Room for improvement
W3C describes Level AA as:
“The intent of this Success Criterion is to provide enough contrast between text and its background so that it can be read by people with moderately low vision (who do not use contrast-enhancing assistive technology). For people without color deficiencies, hue and saturation have minimal or no effect on legibility as assessed by reading performance (Knoblauch et al., 1991). Color deficiencies can affect luminance contrast somewhat. Therefore, in the recommendation, the contrast is calculated in such a way that color is not a key factor so that people who have a color vision deficit will also have adequate contrast between the text and the background.”
–Understanding Success Criterion 1.4.3: Contrast (Minimum)
To calculate this contrast ratio you need to first calculate the relative luminance of a color.
“The relative brightness of any point in a colorspace, normalized to 0 for darkest black and 1 for lightest white.”
–Relative luminance
You take the relative luminance for the foreground and background color and do some additional math to get the contrast value.
We started off using the minimum contrast ratio (4.5:1). But, after looking at a lot of boards to see how the navigation background color looked meeting this ratio, we made a call to go above the minimum.
We wrote a contrast validation module that, client-side, calculates the relative luminance, gets the contrast value, and returns a boolean value for whether or not the desired contrast ratio was met. This is what the React custom hook for the theme calls to check to see if the text color and background color are readable.
When the text color (foreground) and background color did not meet the contrast ratio, we adjusted the lightness value in the HSL function (hue, saturation, and lightness) up or down until it did.

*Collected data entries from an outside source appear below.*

(* In the setting of the context, let $1\le i<j\le m$ be integers and $p',q$ arbitrary integers. Then $|s_i^{p'}s_j^{q}|_{S_m}=|p'|+|q|$.
   Context: $H$ is a finitely presented group with finite generating set $T$, containing a free subgroup $F$ of rank $p$ with free basis $\{d_1,\dots,d_p\}\subset T$ (standing assumption: $\mathrm{Dist}_F^H$ admits an exponentially bounded sequence of palindromic certificates in $F$). $F_x,F_y,F_z$ are free of rank $p$ with bases $R_x=\{x_i\},R_y=\{y_i\},R_z=\{z_i\}$. $G_1=[H\ast_{\langle d_i=x_iy_i^{-1}\rangle}(F_x\times F_y\times F_z)]\times\langle s_1\rangle$; $a_i=x_iz_i$, $b_i=y_iz_i$, $R_{xz}=\{a_i\}$, $R_{yz}=\{b_i\}$; $G_2=\langle G_1,s_2\mid s_2^{-1}a_is_2=b_i,\ 1\le i\le p\rangle$; $G_k=\langle G_{k-1},s_k\mid s_k^{-1}s_1s_k=s_{k-1}\rangle$ for $k\ge3$. $S_1=T\cup R_x\cup R_y\cup R_z\cup R_{xz}\cup R_{yz}\cup\{s_1\}$, $S_k=S_{k-1}\cup\{s_k\}$; $|\cdot|_{S_m}$ is word length in $G_m$. *)

From mathcomp Require Import all_boot all_algebra.
Set Implicit Arguments. Unset Strict Implicit. Unset Printing Implicit Defensive.

(* A letter is a generator with an exponent flag: (g,false) = g, (g,true) = g^-1. *)
Definition letter (A : Type) := (A * bool)%type.
Definition word (A : Type) := seq (letter A).

Inductive weq (A : Type) (R : word A -> Prop) : word A -> word A -> Prop :=
| weq_refl w : weq R w w
| weq_sym u v : weq R u v -> weq R v u
| weq_trans u v w : weq R u v -> weq R v w -> weq R u w
| weq_free (u v : word A) (g : A) (b : bool) :
    weq R (u ++ (g, b) :: (g, ~~ b) :: v) (u ++ v)
| weq_rel (u v r : word A) : R r -> weq R (u ++ r ++ v) (u ++ v).

Definition is_word_length (A : Type) (R : word A -> Prop) (w : word A) (n : nat) :=
  (exists u : word A, weq R u w /\ size u = n) /\
  (forall u : word A, weq R u w -> n <= size u).

Definition freely_reduced (A : Type) (w : word A) :=
  forall (u v : word A) (a : A) (b : bool), w <> u ++ (a, b) :: (a, ~~ b) :: v.

Definition pw (A : Type) (g : A) (k : int) : word A := nseq `|k|%N (g, (k < 0)%R).

Definition relH (T : finType) (RH : seq (word T)) : word T -> Prop :=
  fun r => r \in RH.

Definition free_basis (T : finType) (RH : seq (word T)) (p : nat) (d : 'I_p -> T) :=
  forall w : word 'I_p, freely_reduced w ->
    weq (relH RH) [seq (d l.1, l.2) | l <- w] [::] -> w = [::].

(* Generating set S_m of G_m:  T, x_i, y_i, z_i, a_i, b_i (i : 'I_p), and
   s_k for k : 'I_m, where the ordinal k stands for s_{k+1}. *)
Inductive gen (T : Type) (p m : nat) : Type :=
| GT of T
| GX of 'I_p | GY of 'I_p | GZ of 'I_p
| GA of 'I_p | GB of 'I_p
| GS of 'I_m.

Definition lt (T : Type) (p m : nat) (g : gen T p m) : letter (gen T p m) := (g, false).
Definition lti (T : Type) (p m : nat) (g : gen T p m) : letter (gen T p m) := (g, true).

Definition commw (X : Type) (g h : X) : word X :=
  [:: (g, true); (h, true); (g, false); (h, false)].

Inductive relG (T : finType) (RH : seq (word T)) (p : nat) (d : 'I_p -> T) (m : nat)
  : word (gen T p m) -> Prop :=
| relG_H r : r \in RH -> relG RH d [seq (GT p m l.1, l.2) | l <- r]
(* amalgamation d_i = x_i y_i^-1 *)
| relG_amalg i : relG RH d [:: lt (GT p m (d i)); lt (GY T m i); lti (GX T m i)]
(* F_x x F_y x F_z *)
| relG_xy i j : relG RH d (commw (GX T m i) (GY T m j))
| relG_xz i j : relG RH d (commw (GX T m i) (GZ T m j))
| relG_yz i j : relG RH d (commw (GY T m i) (GZ T m j))
(* the free products F_x, F_y, F_z need no relators *)
(* a_i = x_i z_i, b_i = y_i z_i *)
| relG_a i : relG RH d [:: lt (GA T m i); lti (GZ T m i); lti (GX T m i)]
| relG_b i : relG RH d [:: lt (GB T m i); lti (GZ T m i); lti (GY T m i)]
(* s_1 is central in G_1 (direct factor) *)
| relG_s1T (k : 'I_m) t : val k = 0 -> relG RH d (commw (GS T p k) (GT p m t))
| relG_s1X (k : 'I_m) i : val k = 0 -> relG RH d (commw (GS T p k) (GX T m i))
| relG_s1Y (k : 'I_m) i : val k = 0 -> relG RH d (commw (GS T p k) (GY T m i))
| relG_s1Z (k : 'I_m) i : val k = 0 -> relG RH d (commw (GS T p k) (GZ T m i))
| relG_s1A (k : 'I_m) i : val k = 0 -> relG RH d (commw (GS T p k) (GA T m i))
| relG_s1B (k : 'I_m) i : val k = 0 -> relG RH d (commw (GS T p k) (GB T m i))
(* G_2: s_2^-1 a_i s_2 = b_i *)
| relG_s2 (k : 'I_m) i : val k = 1 ->
    relG RH d [:: lti (GS T p k); lt (GA T m i); lt (GS T p k); lti (GB T m i)]
(* G_k, k >= 3: s_k^-1 s_1 s_k = s_{k-1} *)
| relG_sk (k k1 k0 : 'I_m) : 2 <= val k -> val k0 = 0 -> val k1 = (val k).-1 ->
    relG RH d [:: lti (GS T p k); lt (GS T p k0); lt (GS T p k); lti (GS T p k1)].

(* The word s_i^p' s_j^q itself gives the upper bound.  For the lower bound,
   a word representing it is pushed, without increasing its length, into
   smaller and smaller groups generated by the s's.  Erasing all other
   generators maps G_m onto Q_m = < s_1, ..., s_m | s_k^-1 s_1 s_k = s_(k-1),
   3 <= k <= m >, since the remaining relators of G_m become freely trivial.
   Q_(k+1) is an HNN extension of Q_k with stable letter s_(k+1), hence maps
   into the wreath product Q_k wr Z; the coordinate at 0 of the image is a
   length non-increasing map Q_(k+1) -> Q_k that fixes words in s_1, ..., s_k.
   Having descended to Q_j, the exponent sums of s_1, ..., s_(j-1) and of s_j
   are homomorphisms to Z taking the values p' and q, and a word of length n
   has |e_1| + |e_2| <= n. *)

From mathcomp Require Import all_boot all_algebra.
From mathcomp Require Import zify ring.
Set Implicit Arguments. Unset Strict Implicit. Unset Printing Implicit Defensive.
Import GRing.Theory.
Local Open Scope ring_scope.

Section Words.
Variables (A : Type) (R : word A -> Prop).

Definition invl (l : letter A) : letter A := (l.1, ~~ l.2).
Definition winv (w : word A) : word A := rev (map invl w).

Lemma winv_cons l w : winv (l :: w) = winv w ++ [:: invl l].
Proof. by rewrite /winv /= rev_cons cats1. Qed.

Lemma winvK : involutive winv.
Proof.
move=> w; rewrite /winv map_rev revK -map_comp.
by elim: w => //= [[g b] w ->]; rewrite /invl /= negbK.
Qed.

This is not perfect though. There are color combinations that while they meet the contrast ratio are still not great on the eyes. Below, is an example of a board background dominant color that is really saturated. You can see it meets WCAG AA contrast ratio but it is still hard to look at. We’ll be working on adjusting our algorithm to account for this. We’re investigating ways to automatically adjust the saturation (the S in HSL) as an incremental step to make these saturated boards easier to view.

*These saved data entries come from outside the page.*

Theorem proposition6p1 (R : realType) (om : set (R * R))
  (Hom : bounded_domain om) (Hmeas : measurable om)
  (W : completeNormedModType R) (ip : W -> W -> R)
  (Hip : inner_product_of_norm ip)
  (iota : W -> 'I_3 -> R * R -> R) (Hiota : cont_embedding om iota)
  (F : nat -> set W) (HF : forall k, closed_subspace (F k))
  (f : 'I_3 -> R * R -> R) (Hf : forall i, isL2 om (f i))
  (eps tau : R) (Heps : 0 < eps) (Htau : 0 < tau) (y0 : W) :
  (* well-definedness: every step has a unique update d_t y^k in F^{k-1} *)
  (forall (k : nat) (yprev : W),
      exists! d : W, ccv_step om ip iota f eps tau (F k) yprev d) /\
  (* energy decrease along the scheme started at y^0 *)
  (forall y : nat -> W, y 0%N = y0 ->
     (forall k : nat, ccv_step om ip iota f eps tau (F k) (y k) (dt tau y k)) ->
     forall k : nat,
       Ienergy om iota f (y k.+1) + Peps om eps (iota (y k.+1) i3)
         + tau * `|dt tau y k| ^+ 2
       <= Ienergy om iota f (y k) + Peps om eps (iota (y k) i3)).
Proof.
split=> [k yprev | y _ y_step k]; first exact: ccv_step_exists_unique.
have -> : y k.+1 = y k + tau *: dt tau y k.
  by rewrite /dt scalerA mulfV ?gt_eqF // scale1r addrC subrK.
exact: ccv_step_energy_le (y_step k).
Qed.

We’re also monitoring new innovations. The W3C has a Visual Contrast of Text Subgroup that is working on the Advanced Perceptual Contrast Algorithm (APCA) which is a new way to compute contrast based on modern research on color perception. We’re excited to watch this standard as it evolves but are currently not implementing it since leaders in the accessibility community are cautioning against adopting this experimental approach too quickly.
Performance
In addition to accessibility, performance is always top of mind. We wanted the board page to paint as fast as possible. Since we added more data that the components rely upon, we needed to make sure this didn’t make the UI slower.
To parallelize operations instead of having them be serial, we fetched data about boards as early as possible in the lifecycle of this single page application (SPA) so it existed in the Apollo Cache in the browser by the time components rendered. We made sure the dominant background color and brightness values are added to this early data fetching and caching.
With this in place, we no longer needed to wait for a network request to start and complete as part of the UI component rendering process. We measured rendering duration for a React component using the React DevTools profiler.
Now, the React custom hook for theming kicks in and reads the dominant background color and brightness values from Apollo Cache and sets the computed CSS custom properties into the DOM. Browsers are highly optimized to parse and apply CSS so all the UI components referencing these CSS variables change color quickly.
We found CSS custom properties to be a very useful solution for dynamic, accessible, and high-performing themes on Trello. I hope this post encourages others to experiment with CSS custom properties as well!